ПОРТРЕТ ПРЕДСЕДАТЕЛЯ КГБ, КОТОРЫЙ СЧИТАЛ ЧТО СТРАНА НАХОДИТСЯ ВО ВЛАСТИ «АГЕНТОВ ВЛИЯНИЯ»

ПОРТРЕТ ПРЕДСЕДАТЕЛЯ КГБ, КОТОРЫЙ СЧИТАЛ ЧТО СТРАНА НАХОДИТСЯ ВО ВЛАСТИ «АГЕНТОВ ВЛИЯНИЯ»

СПРАВКА О ЛИЦЕ, ПРОХОДЯЩЕМ ПО ДЕЛУ О ЗАГОВОРЕ С ЦЕЛЬЮ ЗАХВАТА ВЛАСТИ.

Крючков Владимир Александрович. 1924 года рождения. Русский. Место рождения — г. Волгоград. Член КПСС с 1944 года. Образование высшее. Окончил Всесоюзный заочный юридический институт. Высшую дипломатическую школу МИД СССР. Трудиться начал в 1941 году рабочим на заводе. С августа 1943 по октябрь 1946 года был на комсомольской работе: комсоргом ЦК ВЛКСМ в Особой строительно-монтажной части номер 25, первым секретарем Баррикадного РК ВЛКСМ в г.
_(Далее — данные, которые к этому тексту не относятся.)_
Lemma G_derive b : 0 < b -> is_derive (G lam) b (dG b).
Proof.
  intros Hb; pose proof (aa_pos b Hb); pose proof (aa_derive b Hb) as Ha.
  pose proof (nn_gt_lam b Hb); assert (0 < sqrt (nn lam b)) by (apply sqrt_lt_R0; lra).
  pose proof (is_derive_comp _ _ _ _ _ (phi_derive (aa lam b)) Ha) as Hphi.
  pose proof (is_derive_comp _ _ _ _ _ (Phi_derive (aa lam b)) Ha) as HPhi.
  pose proof (is_derive_mult _ _ _ _ _ (rho_derive b (Rlt_le _ _ Hb)) Hphi
                ltac:(intros; apply Rmult_comm)) as Hrho_phi.
  pose proof (is_derive_mult _ _ _ _ _ (gam_derive b (Rlt_le _ _ Hb)) HPhi
                ltac:(intros; apply Rmult_comm)) as Hgam_Phi.
  eapply is_derive_eq; [| exact (is_derive_plus (V := R_NormedModule) _ _ _ _ _ Hrho_phi Hgam_Phi)].
  unfold dG, plus, mult, scal; simpl; unfold mult; simpl; field; lra.
Qed.

End Derivatives.

(* Once [C^2 l > 4] and [n >= l], the decay [l / n^2 <= 1 / n] is beaten by
   [C / (2 sqrt n)]. *)
Lemma decay_below C l n : 0 < C -> 4 / C ^ 2 < l -> l <= n -> l / n ^ 2 < C / (2 * sqrt n).
Proof.
  intros HC Hl Hln.
  assert (HC2 : 0 < C ^ 2) by (apply pow_lt, HC).
  assert (Hl0 : 0 < l) by (apply (Rlt_trans _ (4 / C ^ 2)); [apply Rdiv_lt_0_compat; lra | exact Hl]).
  assert (Hq : 0 < sqrt n) by (apply sqrt_lt_R0; lra).
  assert (Hqq : sqrt n * sqrt n = n) by (apply sqrt_sqrt; lra).
  set (q := sqrt n) in *.
  assert (HCq : 2 < C * q).
  { assert (0 < C * q) by (apply Rmult_lt_0_compat; lra).
    assert (4 < (C * q) * (C * q)); [| nra].
    replace ((C * q) * (C * q)) with (C ^ 2 * n) by (rewrite <- Hqq; ring).
    apply (Rmult_lt_compat_l (C ^ 2)) in Hl; [| exact HC2].
    replace (C ^ 2 * (4 / C ^ 2)) with 4 in Hl by (field; lra). nra. }
  apply (Rmult_lt_reg_r (2 * q * n ^ 2)); [nra |].
  replace (l / n ^ 2 * (2 * q * n ^ 2)) with (2 * q * l) by (field; lra).
  replace (C / (2 * q) * (2 * q * n ^ 2)) with ((C * q) * q * n) by (rewrite <- Hqq; field; lra).
  assert (0 < q * n) by (apply Rmult_lt_0_compat; lra).
  assert (2 * q * l <= 2 * (q * n)) by nra.
  assert (2 * (q * n) < (C * q) * (q * n)) by (apply Rmult_lt_compat_r; lra).
  lra.
Qed.

(* Positivity of the derivative for [lam > 4 / Phi(0)^2]: the first term of
   [dG] is at least [- sqrt lam * lam / n^2] as [phi <= 1], the second is
   nonnegative by [rho_aa_le_gam], and the third is at least
   [sqrt lam * Phi(0) / (2 sqrt n)] as [Phi(a) >= Phi(0)]. *)
Lemma dG_pos lam b : 4 / Phi 0 ^ 2 < lam -> 0 < b -> 0 < dG lam b.
Proof.
  intros Hlam Hb; pose proof Phi_0_pos as HPhi0.
  assert (Hl0 : 0 < lam).
  { eapply Rlt_trans; [| exact Hlam]; apply Rdiv_lt_0_compat; [lra | apply pow_lt, HPhi0]. }
  pose proof (sqrt_lam_pos lam Hl0) as Hs.
  pose proof (nn_gt_lam lam Hl0 b Hb) as Hn.
  pose proof (aa_pos lam Hl0 b Hb) as Ha.
  pose proof (rho_lt_1 lam Hl0 b Hb); pose proof (rho_pos lam Hl0 b (Rlt_le _ _ Hb)).
  pose proof (rho_aa_le_gam lam Hl0 b Hb) as Hgam.
  pose proof (decay_below (Phi 0) lam (nn lam b) HPhi0 Hlam (Rlt_le _ _ Hn)) as Hdecay.
  assert (Hq : 0 < sqrt (nn lam b)) by (apply sqrt_lt_R0; lra).
  pose proof (phi_pos (aa lam b)); pose proof (phi_le_1 (aa lam b)).
  pose proof (Phi_ge_Phi_0 (aa lam b) (Rlt_le _ _ Ha)) as HPhi.
  assert (Hln : ln (rho lam b) < 0) by (rewrite <- ln_1; apply ln_increasing; lra).
  unfold dG; set (n := nn lam b) in *; set (s := sqrt lam) in *.
  set (q := sqrt n) in *; set (p := phi (aa lam b)) in *.
  assert (Hterm1 : - (s * (lam / n ^ 2)) <= - lam * s / n ^ 2 * p).
  { assert (0 <= s * (lam / n ^ 2)) by (apply Rmult_le_pos; [lra | apply Rdiv_le_0_compat; nra]).
    replace (- lam * s / n ^ 2 * p) with (- (s * (lam / n ^ 2)) * p) by (field; lra). nra. }
  assert (Hterm2 : 0 <= s * - ln (rho lam b) * p * (gam lam b - rho lam b * aa lam b) / aa lam b).
  { apply Rdiv_le_0_compat; [| exact Ha].
    apply Rmult_le_pos; [apply Rmult_le_pos; [apply Rmult_le_pos |] |]; lra. }
  assert (Hterm3 : s * (Phi 0 / (2 * q)) <= s * (n + lam) / (2 * n * q) * Phi (aa lam b)).
  { replace (s * (n + lam) / (2 * n * q) * Phi (aa lam b))
      with (s * ((n + lam) / n * Phi (aa lam b) / (2 * q))) by (field; lra).
    apply Rmult_le_compat_l; [lra |].
    apply Rmult_le_compat_r; [left; apply Rinv_0_lt_compat; lra |].
    assert (1 <= (n + lam) / n) by (apply Rle_div_r; lra). nra. }
  assert (0 < s * (Phi 0 / (2 * q)) - s * (lam / n ^ 2)); [| lra].
  rewrite <- Rmult_minus_distr_l; apply Rmult_lt_0_compat; lra.
Qed.

Theorem lemma3 : exists lam0 : R, 0 < lam0 /\
  forall lam : R, lam0 <= lam ->
  forall b1 b2 : R, 0 < b1 -> b1 < b2 -> G lam b1 < G lam b2.
Proof.
  assert (Hthreshold : 0 < 4 / Phi 0 ^ 2) by (apply Rdiv_lt_0_compat; [lra | apply pow_lt, Phi_0_pos]).
  exists (4 / Phi 0 ^ 2 + 1); split; [lra |].
  intros lam Hlam b1 b2 Hb1 Hb12.
  destruct (MVT_cor2 (G lam) (dG lam) b1 b2 Hb12) as [c [Hmvt Hc]].
  { intros c Hc; apply is_derive_Reals, G_derive; lra. }
  assert (0 < dG lam c) by (apply dG_pos; lra).
  assert (0 < G lam b2 - G lam b1) by (rewrite Hmvt; apply Rmult_lt_0_compat; lra).
  lra.
Qed.
(** * The lower bound *)

Lemma linear_gap_unbounded (R : realType) (H e K : R) : 0 < e ->
  ~ (forall n : nat, n%:R * H - 1 <= (H - e) * n%:R + K).
Proof.
move=> e0 Hn; set N := Num.bound `|(K + 1) / e|.
have : (K + 1) / e < N%:R := le_lt_trans (ler_norm _) (archi_boundP (normr_ge0 _)).
rewrite ltr_pdivrMr // => hN; have := Hn N; lra.
Qed.

Section NotCompetitive.
Variables (R : realType) (k : nat) (A : alg R) (eta : seq (nat * bool) -> bool -> nat).
Hypotheses (vA : valid_alg k A) (k_gt0 : (0 < k)%N).
Hypothesis eta_adv : forall b hb Bs, good_blocks k k Bs ->
  (eta (adv_requests k b Bs) hb <= (size Bs).+1 * errs_per_phase k hb b
                                    + errs_last_phase k hb b)%N.

Lemma competitive_adversary_bound b beta gamma : competitive k eta A 2 beta gamma ->
  exists K : R, forall n : nat,
    n%:R * harmonic R k - 1 <= 2 * (k + n)%:R
      + beta * (n.+1 * errs_per_phase k false b)%:R
      + gamma * (n.+1 * errs_per_phase k true b + errs_last_phase k true b)%:R + K.
Proof.
case=> _ hb hc [K HK]; exists K => n.
have [Bs [gBs sz Hcost]] := exp_cost_adversary b n vA k_gt0.
apply: le_trans Hcost (le_trans (HK _) _); rewrite lerD2r.
apply: lerD; [apply: lerD|]; apply: ler_wpM2l => //; rewrite ler_nat -sz.
- exact: opt_cost_adversary.
- by have := eta_adv b false gBs; rewrite addn0.
- exact: eta_adv.
Qed.

Lemma not_competitive_eta0 eps gamma : 0 < eps ->
  ~ competitive k eta A 2 (harmonic R k - 2 - eps) gamma.
Proof.
move=> e0 Hc; have [_ hb _ _] := Hc.
have [K HK] := competitive_adversary_bound false Hc.
apply: (@linear_gap_unbounded _ (harmonic R k) _ (2 * k%:R + (harmonic R k - 2 - eps) + K) e0).
move=> n; have := HK n.
change (errs_per_phase k false false) with 1%N; change (errs_per_phase k true false) with 0%N.
rewrite muln1 muln0 mulr0 addr0 -(natr1 n) (natrD _ k n); lra.
Qed.

Lemma not_competitive_eta1 eps beta : 0 < eps ->
  ~ competitive k eta A 2 beta ((harmonic R k - 2) / (k%:R - 1) - eps).
Proof.
move=> e0 Hc; have [_ _ hc _] := Hc.
have [k1|k2] : k = 1%N \/ (1 < k)%N by lia.
  by move: hc; rewrite k1 subrr invr0 mulr0; lra.
have [K HK] := competitive_adversary_bound true Hc.
set d : R := k%:R - 1 in hc HK; have d0 : 0 < d by rewrite subr_gt0 ltr1n.
set g := (harmonic R k - 2) / d - eps in hc HK.
have gd : g * d = harmonic R k - 2 - eps * d by rewrite mulrBl divfK ?gt_eqF.
have dk : (k.-1)%:R = d by rewrite /d -[in RHS](prednK k_gt0) -natr1 addrK.
apply: (@linear_gap_unbounded _ (harmonic R k) _
  (2 * k%:R + (harmonic R k - 2 - eps * d) + g * k%:R + K) (mulr_gt0 e0 d0)) => n.
have := HK n.
change (errs_per_phase k false true) with 0%N; change (errs_per_phase k true true) with k.-1.
change (errs_last_phase k true true) with k.
rewrite muln0 mulr0 addr0 (natrD _ (_ * _)) natrM dk -(natr1 n) (natrD _ k n).
have -> : g * ((n%:R + 1) * d + k%:R) = g * d * (n%:R + 1) + g * k%:R by ring.
rewrite gd; lra.
Qed.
Волгограде, вторым секретарем Волгоградского горкома ВЛКСМ.

С ноября 1946 по август 1951 года работал в органах прокуратуры: народным следователем, прокурором следственного отдела областной прокуратуры, районным прокурором.

В 1954-59  гг. после окончания Высшей дипломатической школы находился на дипломатической работе, сначала в МИД СССР, затем третьим секретарем посольства СССР в Венгрии.

С 1959 года в аппарате ЦК КПСС: референт, заведующий сектором, помощник секретаря ЦК.

С 1967 года на руководящих должностях в КГБ. С 1978 года заместитель председателя, а с 1988 года председатель КГБ СССР. Генерал армии.

Личный номер «Е-104577».

В 1989 году член Политбюро ЦК КПСС.

Награжден двумя орденами Ленина, Красного Знамени, орденами Октябрьской Революции, Трудового Красного Знамени, «Знак Почета» и многими советскими и зарубежными медалями.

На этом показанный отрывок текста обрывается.